Wednesday, December 14, 2011

Noise, model complexity, and overfitting

When building models, ideally we would (1) have plenty of data available and (2) know what model to apply to the data. If these conditions hold, then we would simply need to estimate the parameters of the model and verify that the model is indeed accurate. The problem is that in reality, these conditions often do not hold. That is, we often have limited or noisy data and we often do not know what model is appropriate for the data at hand. In these cases, we are faced with the task of trying different models and determining which model is best.

It is useful to think of model complexity as a dimension along which models vary.

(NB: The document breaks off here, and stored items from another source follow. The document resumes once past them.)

Lemma assignment_of_tops y q :
  (forall a b h, a != y -> b != y -> a != b ->
     top_choice P a h -> ~ top_choice P b h) ->
  (forall z, ~ top_choice P z q) ->
  exists2 mu, A mu & mu y = q /\ forall z, z != y -> top_choice P z (mu z).
Proof.
move=> tops_distinct q_not_top.
have [top top_spec] := fin_all_exists (fun z => slo_max_exists (P_slo z) q).
exists [ffun z => if z == y then q else top z]; last first.
  by rewrite ffunE eqxx; split=> // z zy; rewrite ffunE (negbTE zy); apply: top_spec.
rewrite /is_assignment card_H eqxx andbT; apply/injectiveP => a b; rewrite !ffunE.
case: (eqVneq a y) => [->|ay]; case: (eqVneq b y) => [->|by_] //.
- by move=> qE; case: (q_not_top b); rewrite qE; apply: top_spec.
- by move=> qE; case: (q_not_top a); rewrite -qE; apply: top_spec.
move=> topE; apply/eqP/contraT => ab.
case: (tops_distinct a b (top a) ay by_ ab (top_spec a)).
by rewrite topE; apply: top_spec.
Qed.

Lemma unbeaten_tie_of_shared_top_and_second :
  shared_top_and_second -> exists mu lam, unbeaten_tie R mu lam.
Proof.
case=> x [y [p [q [[xy top_x top_y tops_distinct] [second_x second_y q_not_top]]]]].
have [mu Amu [muy top_mu]] := assignment_of_tops tops_distinct q_not_top.
have mux : mu x = p by apply: top_choice_uniq (top_mu x xy) top_x.
rewrite -mux in top_y; rewrite -muy in second_x second_y.
have yx : y != x by rewrite eq_sym.
pose lam := swap mu y x.
have top_lam z : z != x -> top_choice P z (lam z).
  move=> zx; rewrite ffunE; case: tpermP => [->//|zE|/eqP zy _].
    by rewrite zE eqxx in zx.
  exact: top_mu zy.
have top_x_lam : top_choice P x (lam y) by rewrite ffunE tpermL; apply: top_mu.
have second_x_lam : second_best P x (lam x) by rewrite ffunE tpermR.
exists mu, lam; split.
- apply/eqP => /(congr1 (fun nu : {ffun 'I_n -> H} => nu y)).
  by rewrite ffunE tpermL => /(assignment_inj Amu) yE; rewrite yE eqxx in yx.
- by case/andP: (majority_tie_swap Amu xy top_mu top_y).
- by case/andP: (majority_tie_swap Amu xy top_mu top_y).
move=> nu /orP[/(majority_beaters Amu xy top_mu top_y second_y)|].
  by case=> ->; rewrite eqxx ?orbT.
move/(majority_beaters (swap_assignment y x Amu) yx top_lam top_x_lam second_x_lam).
by rewrite swapK; case=> ->; rewrite eqxx ?orbT.
Qed.

Lemma card_TC2 : #|TC P| = 2 <-> shared_top_and_second.
Proof.
apply: (iff_trans (card_top_cycle2 majority_assignment majority_refl majority_total)).
split=> [[mu [lam]]|]; first exact: shared_top_and_second_of_unbeaten_tie.
exact: unbeaten_tie_of_shared_top_and_second.
Qed.

End Profile.

Definition rev_profile n (H : finType) (P : profile n H) : profile n H :=
  fun x a b => P x b a.

Lemma rev_profile_is_profile n (H : finType) (P : profile n H) :
  is_profile P -> is_profile (rev_profile P).
Proof.
move=> P_slo x; have [irr tr tot] := P_slo x; split=> //.
- by move=> b a c Pab Pbc; apply: tr Pbc Pab.
- by move=> a b /tot; rewrite orbC.
Qed.

Lemma majority_rev_profile n (H : finType) (P : profile n H) :
  majority (rev_profile P) =2 (fun mu nu => majority P nu mu).
Proof.
have N_rev mu nu : N_of (rev_profile P) mu nu = N_of P nu mu.
  by apply/setP => z; rewrite !inE /weakly_prefers eq_sym.
by move=> mu nu; rewrite /majority andbCA !N_rev.
Qed.

Lemma BC_rev_profile n (H : finType) (P : profile n H) :
  BC P = TC (rev_profile P).
Proof.
apply/setP => mu; rewrite !inE; case Amu: (is_assignment mu) => //=.
apply: eq_forallb => lam; case Alam: (is_assignment lam) => //=.
rewrite /majority_tc !step_connect_refl ?majority_refl //.
by rewrite (eq_connect (majority_rev_profile P)) connect_rev.
Qed.

Theorem lemmaB3 (n : nat) (H : finType) (P : profile n H) :
  #|H| = n -> is_profile P ->
  (#|TC P| = 2 <->
     exists (x y : 'I_n) (p q : H),
       [/\ x != y, top_choice P x p, top_choice P y p &
           (forall (a b : 'I_n) (h : H), a != y -> b != y -> a != b ->
              top_choice P a h -> ~ top_choice P b h)] /\
       [/\ second_best P x q, second_best P y q &
           forall z : 'I_n, ~ top_choice P z q]) /\
  (#|BC P| = 2 <->
     exists (x y : 'I_n) (p q : H),
       [/\ x != y, bottom_choice P x p, bottom_choice P y p &
           (forall (a b : 'I_n) (h : H), a != y -> b != y -> a != b ->
              bottom_choice P a h -> ~ bottom_choice P b h)] /\
       [/\ second_worst P x q, second_worst P y q &
           forall z : 'I_n, ~ bottom_choice P z q]).
Proof.
move=> card_H P_slo; split; first exact: card_TC2.
by rewrite BC_rev_profile; apply: card_TC2 (rev_profile_is_profile P_slo).
Qed.
(* Let $G=(V,E)$ be a finite chordal graph. Then for every integer $r\ge 1$, \[ \sum_{\substack{I\in\mathscr{C}(G)\\ |I|\le 2r}} (-1)^{|I|-1} \;\le\; c(G), \] with equality whenever $r\ge |V|/2$.
   Context: A graph is chordal if it contains no cycle of length four or more as an induced subgraph. $\mathscr{C}(G)$ denotes the clique complex of $G$: the set of all non-empty subsets $I\subseteq V$ whose elements are pairwise adjacent in $G$. $c(G)$ denotes the number of connected components of $G$. *)

(* A finite simple graph G = (V,E) is a finType T with a
   symmetric irreflexive adjacency relation e : rel T. *)
From HB Require Import structures.
From mathcomp Require Import all_boot all_order all_algebra.
Set Implicit Arguments. Unset Strict Implicit. Unset Printing Implicit Defensive.

Definition induced_cycle (T : finType) (e : rel T) (k : nat) (f : 'I_k -> T) :=
  injective f /\
  forall i j : 'I_k,
    e (f i) (f j) = (val j == (val i).+1 %% k) || (val i == (val j).+1 %% k).

Definition chordal (T : finType) (e : rel T) :=
  forall (k : nat) (f : 'I_k -> T), 4 <= k -> ~ induced_cycle e f.

Definition is_clique (T : finType) (e : rel T) (I : {set T}) : bool :=
  (I != set0) && [forall x in I, forall y in I, (x != y) ==> e x y].

Definition ncomp (T : finType) (e : rel T) : nat := n_comp e T.

Definition clique_sum (T : finType) (e : rel T) (m : nat) : int :=
  (\sum_(I : {set T} | is_clique e I && (#|I| <= m)%N) (-1) ^+ (#|I|).-1)%R.

From HB Require Import structures.
From mathcomp Require Import all_boot all_order all_algebra zify.
Import GRing.Theory Num.Theory.
Set Implicit Arguments. Unset Strict Implicit. Unset Printing Implicit Defensive.

(* Every induced subgraph of a chordal graph has a simplicial vertex, one whose
   neighbourhood is a clique.  Deleting a simplicial vertex w of degree d lowers the
   number of components by [d == 0].  The cliques through w are the w |: J with J a
   set of neighbours, so the truncated clique sum drops by sum_(j < m) (-1)^j C(d, j),
   which is 1 when d = 0 and (-1)^(m-1) C(d-1, m-1) when d > 0.  Hence, for even m,
   deleting w can only increase (clique sum - components), and leaves it unchanged
   when d < m; induction on the vertex set gives the inequality and the equality. *)

Lemma nth_cat_take_drop (T : Type) (x0 : T) (q : seq T) k j i :
  k <= j -> j <= size q ->
  nth x0 (take k q ++ drop j q) i = nth x0 q (if i < k then i else i + (j - k)).
Proof.
move=> le_kj le_jq; rewrite nth_cat size_takel; last by lia.
by case: ltnP => ik; rewrite ?nth_take // nth_drop; congr nth; lia.
Qed.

Complex, flexible models have the potential to describe many different types of functions. The advantage of such models is that the true model (i.e. the model that most accurately characterizes the data) may in fact be contained in the set of models that can be described. The disadvantage of such models is that they have many free parameters, and it may be difficult to obtain good parameter estimates with limited or noisy data. (Or, stated another way: when fitting such models to limited or noisy data, there is a strong possibility of overfitting the data --- that is, a strong possibility that random variability in the data will have too much influence on parameter estimates and give rise to an inaccurate model.) On the other hand, simple, less flexible models describe fewer types of functions compared to complex models. The advantage of simple models is that they have fewer free parameters, and so it becomes feasible to obtain good parameter estimates with limited or noisy data. (Or, stated another way: there is low likelihood that simple models will overfit the data.) The disadvantage of simple models is that the types of functions that can be described may be poor approximations to the true underlying function.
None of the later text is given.